-- Your goal --
Each line from the material with the word "denq" in it must be copied.

-- Provided data --
[Start of Attachment]

(* triples (f_hat, g_hat, h_hat) *)
Definition trip := (cseq * cseq * cseq)%type.
Definition tf (x : trip) : cseq := fst (fst x).
Definition tg (x : trip) : cseq := snd (fst x).
Definition th (x : trip) : cseq := snd x.

Definition zero_seq : cseq := fun _ => RtoC 0.
Definition zero_trip : trip := (zero_seq, zero_seq, zero_seq).

Definition hat0 (s : pm) (a b : cseq) : trip :=
  match s with
  | Pl => (fun n => Copp (a (n + 1)%Z), fun _ => RtoC (1/2), b)
  | Mi => (a, fun _ => RtoC (1/2), fun n => Copp (b (n + 1)%Z))
  end.

(* Given the list [x_0; ...; x_l] of homogeneous coefficients, compute
   x_{l+1} according to the recursion of the paper. *)
Definition hat_next (s : pm) (a b : cseq) (l : nat) (xs : list trip) : trip :=
  let X k := nth k xs zero_trip in
  let g1 : cseq := fun n =>
      Cminus (csum (S l) (fun k => Cmult (tf (X (l - k)%nat) n) (th (X k) n)))
             (csum l (fun k => Cmult (tg (X (l - k)%nat) n) (tg (X (S k)) n))) in
  match s with
  | Pl =>
    (* f_{l+1,+}^- = f_{l,+} - a (g + g^-) ; h_{l+1,+} = h_{l,+}^- + b (g + g^-) *)
    (fun n => Cminus (tf (X l) (n + 1)%Z)
                     (Cmult (a (n + 1)%Z) (Cplus (g1 (n + 1)%Z) (g1 n))),
     g1,
     fun n => Cplus (th (X l) (n - 1)%Z)
                    (Cmult (b n) (Cplus (g1 n) (g1 (n - 1)%Z))))
  | Mi =>
    (* f_{l+1,-} = f_{l,-}^- + a (g + g^-) ; h_{l+1,-}^- = h_{l,-} - b (g + g^-) *)
    (fun n => Cplus (tf (X l) (n - 1)%Z)
                    (Cmult (a n) (Cplus (g1 n) (g1 (n - 1)%Z))),
     g1,
     fun n => Cminus (th (X l) (n + 1)%Z)
                     (Cmult (b (n + 1)%Z) (Cplus (g1 (n + 1)%Z) (g1 n))))
  end.
(* Let $p$ be a prime and $s>1$, and let $F(x,y)$ be the formal group law of mod $p$ Morava $K$-theory $K(s)$. Then $$F(x,y)\equiv x+y-v_s\sum_{0<j<p}\frac1p\binom{p}{j}\bigl(x^{p^{s-1}}\bigr)^{j}\bigl(y^{p^{s-1}}\bigr)^{p-j}$$ modulo $x^{p^{2(s-1)}}$ (and likewise modulo $y^{p^{2(s-1)}}$).
   Context: The coefficient ring of $K(s)$ is $\mathbb{F}_p[v_s,v_s^{-1}]$, $|v_s|=2(p^s-1)$, and its formal group law is the mod $p$ reduction of the $p$-typical formal group law over $\mathbb{Z}_{(p)}[v_s]$ obtained from the universal $p$-typical formal group law $F_{BP}$ over $BP_*=\mathbb{Z}_{(p)}[v_1,v_2,\dots]$ (Hazewinkel generators) by setting $v_i=0$ for all $i\ne s$; its logarithm is $\sum_{k\ge0}v_s^{(p^{ks}-1)/(p^s-1)}x^{p^{ks}}/p^k$. Note $\frac1p\binom pj\in\mathbb{Z}$ for $0<j<p$. *)

(* Bivariate formal power series over Q[v] are represented
   by their coefficient functions  nat -> nat -> {poly rat}  (coefficient of x^i y^j);
   the polynomial variable 'X plays the role of v_s. *)
From HB Require Import structures.
From mathcomp Require Import all_boot all_order all_algebra.
Set Implicit Arguments. Unset Strict Implicit. Unset Printing Implicit Defensive.
Import Order.TTheory GRing.Theory Num.Theory.
Local Open Scope ring_scope.

Definition ps2 := nat -> nat -> {poly rat}.

Definition ps2_one : ps2 := fun i j => ((i == 0%N) && (j == 0%N))%:R.
Definition ps2_X : ps2 := fun i j => ((i == 1%N) && (j == 0%N))%:R.
Definition ps2_Y : ps2 := fun i j => ((i == 0%N) && (j == 1%N))%:R.

Definition ps2_mul (A B : ps2) : ps2 := fun i j =>
  \sum_(a < i.+1) \sum_(b < j.+1) A a b * B (i - a)%N (j - b)%N.

Definition ps2_exp (A : ps2) (n : nat) : ps2 := iter n (ps2_mul A) ps2_one.

Definition logcoef (p s k : nat) : {poly rat} :=
  'X ^+ ((p ^ (k * s) - 1) %/ (p ^ s - 1)) * ((p ^ k)%:R ^-1 : rat)%:P.

(* log(A) = sum_k logcoef k * A^(p^(ks)), for A without constant term;
   the terms with p^(ks) > i + j do not contribute to the (i,j) coefficient,
   so the sum is truncated at k <= i + j. *)
Definition log_of (p s : nat) (A : ps2) : ps2 := fun i j =>
  \sum_(k < (i + j).+1) logcoef p s k * ps2_exp A (p ^ (k * s)) i j.

(* F is the formal group law over Z_(p)[v_s] (viewed in Q[v_s]) with the
   given logarithm:  F(0,0) = 0 and  log(F(x,y)) = log x + log y. *)
Definition is_KsFGL (p s : nat) (F : ps2) : Prop :=
  F 0%N 0%N = 0 /\
  forall i j, log_of p s F i j = log_of p s ps2_X i j + log_of p s ps2_Y i j.

Definition in_pZp (p : nat) (q : rat) : bool :=
  (p %| `|numq q|)%N && ~~ (p %| `|denq q|)%N.

(* a = b in Z_(p)[v]/(p) = F_p[v], i.e. a - b has all coefficients in p Z_(p). *)
Definition cong_mod_p (p : nat) (a b : {poly rat}) : Prop :=
  forall n, in_pZp p ((a - b)`_n).

Definition rhs (p s : nat) : ps2 := fun i j =>
  ps2_X i j + ps2_Y i j
  - 'X * \sum_(1 <= l < p)
          ((('C(p, l))%:R / p%:R : rat)%:P
           * ((i == p ^ (s - 1) * l)%N && (j == p ^ (s - 1) * (p - l))%N)%:R).

From HB Require Import structures.
From mathcomp Require Import all_boot all_order all_algebra.
From mathcomp Require Import ring zify.
Set Implicit Arguments. Unset Strict Implicit. Unset Printing Implicit Defensive.
Import Order.TTheory GRing.Theory Num.Theory.
Local Open Scope ring_scope.

(* Two facts about G carry the
   argument: perturbing G by a multiple of p changes the nonlinear part of log G
   only by a multiple of p ([log_tail_perturb], from the Frobenius estimate
   [divp_trunc_powD]), and log G = log x + log y mod p modulo x^N ([log_tail_Gpoly]:
   the k = 1 term of the logarithm cancels - v C by the very definition of C, and
   the terms k >= 2 are divisible by p or by x^N).  Then F = G mod p is proved
   coefficientwise by strong induction on the total degree ([congruence_step],
   [KsFGL_congruence]), using that the nonlinear part of log F in degree t + 1 only
   depends on F in lower degrees ([log_tail_local]).  Existence of F follows from
   the same degree-wise recursion ([KsFGL]), and the statement modulo y^N follows
   by exchanging x and y. *)

Section PAdicDivisibility.
Variables (p : nat) (p_prime : prime p).

Definition divp_rat (m : nat) (q : rat) : Prop :=
  exists (a : int) (b : nat), coprime b p /\ q * b%:R = (p ^ m)%:R * a%:~R.

Lemma divp_rat0 m : divp_rat m 0.
Proof. by exists 0, 1%N; rewrite mul0r mulr0 coprime1n. Qed.

Lemma divp_ratD m x y : divp_rat m x -> divp_rat m y -> divp_rat m (x + y).
Proof.
move=> [a [b [hb ex]]] [c [d [hd ey]]].
exists (a * d%:Z + c * b%:Z), (b * d)%N; rewrite coprimeMl hb hd.
split=> //; rewrite natrM.
transitivity ((x * b%:R) * d%:R + (y * d%:R) * b%:R); first ring.
by rewrite ex ey rmorphD !rmorphM /=; ring.
Qed.

Lemma divp_ratN m x : divp_rat m x -> divp_rat m (- x).
Proof. by move=> [a [b [hb ex]]]; exists (- a), b; rewrite mulNr ex rmorphN mulrN. Qed.

Lemma divp_ratM m n x y : divp_rat m x -> divp_rat n y -> divp_rat (m + n) (x * y).
Proof.
move=> [a [b [hb ex]]] [c [d [hd ey]]].
exists (a * c), (b * d)%N; rewrite coprimeMl hb hd.
split=> //; rewrite natrM expnD natrM rmorphM /=.
transitivity ((x * b%:R) * (y * d%:R)); first ring.
by rewrite ex ey; ring.
Qed.

Lemma divp_rat_weaken m n x : (n <= m)%N -> divp_rat m x -> divp_rat n x.
Proof.
move=> le_nm [a [b [hb ex]]]; exists (a * (p ^ (m - n))%:R), b; split=> //.
rewrite ex -(subnKC le_nm) expnD natrM rmorphM /= subnKC // rmorph_nat; ring.
Qed.

Lemma divp_rat_nat m k : (p ^ m %| k)%N -> divp_rat m k%:R.
Proof.
move=> /dvdnP [c ->]; exists c%:Z, 1%N; rewrite coprime1n.
by split=> //; rewrite mulr1 natrM mulrC -pmulrn.
Qed.

Lemma divp_rat_div m k x : divp_rat (m + k) x -> divp_rat m (x / (p ^ k)%:R).
Proof.
move=> [a [b [hb ex]]]; exists a, b; split=> //.
have pk_neq0 : (p ^ k)%:R != 0 :> rat by rewrite pnatr_eq0 -lt0n expn_gt0 prime_gt0.
by rewrite mulrAC ex expnD natrM; field.
Qed.

Lemma divp_rat1_in_pZp x : divp_rat 1 x -> in_pZp p x.
Proof.
move=> [a [b [hb ex]]]; move: hb; rewrite coprime_sym prime_coprime // => hb.
have key : (`|numq x| * b = p * `|a| * `|denq x|)%N.
  have E : (numq x)%:~R * b%:R = (p%:R * a%:~R) * (denq x)%:~R :> rat.
    by rewrite numqE mulrAC ex expn1.
  have Ez : numq x * b%:Z = p%:Z * a * denq x.
    by apply: (@intr_inj rat); rewrite !rmorphM /= -E.
  by have := congr1 absz Ez; rewrite !abszM.
apply/andP; split.
  have : (p %| `|numq x| * b)%N by rewrite key -mulnA dvdn_mulr.
  by rewrite Euclid_dvdM // (negbTE hb) orbF.
apply/negP => p_den; apply: (negP hb).
have : (`|denq x| %| `|numq x| * b)%N by rewrite key dvdn_mull.
rewrite Gauss_dvdr; last by rewrite coprime_sym coprime_num_den.
exact: dvdn_trans.
Qed.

[End of Attachment]

-- Output below --
  (p %| `|numq q|)%N && ~~ (p %| `|denq q|)%N.
have key : (`|numq x| * b = p * `|a| * `|denq x|)%N.
  have E : (numq x)%:~R * b%:R = (p%:R * a%:~R) * (denq x)%:~R :> rat.
  have Ez : numq x * b%:Z = p%:Z * a * denq x.
have : (`|denq x| %| `|numq x| * b)%N by rewrite key dvdn_mull.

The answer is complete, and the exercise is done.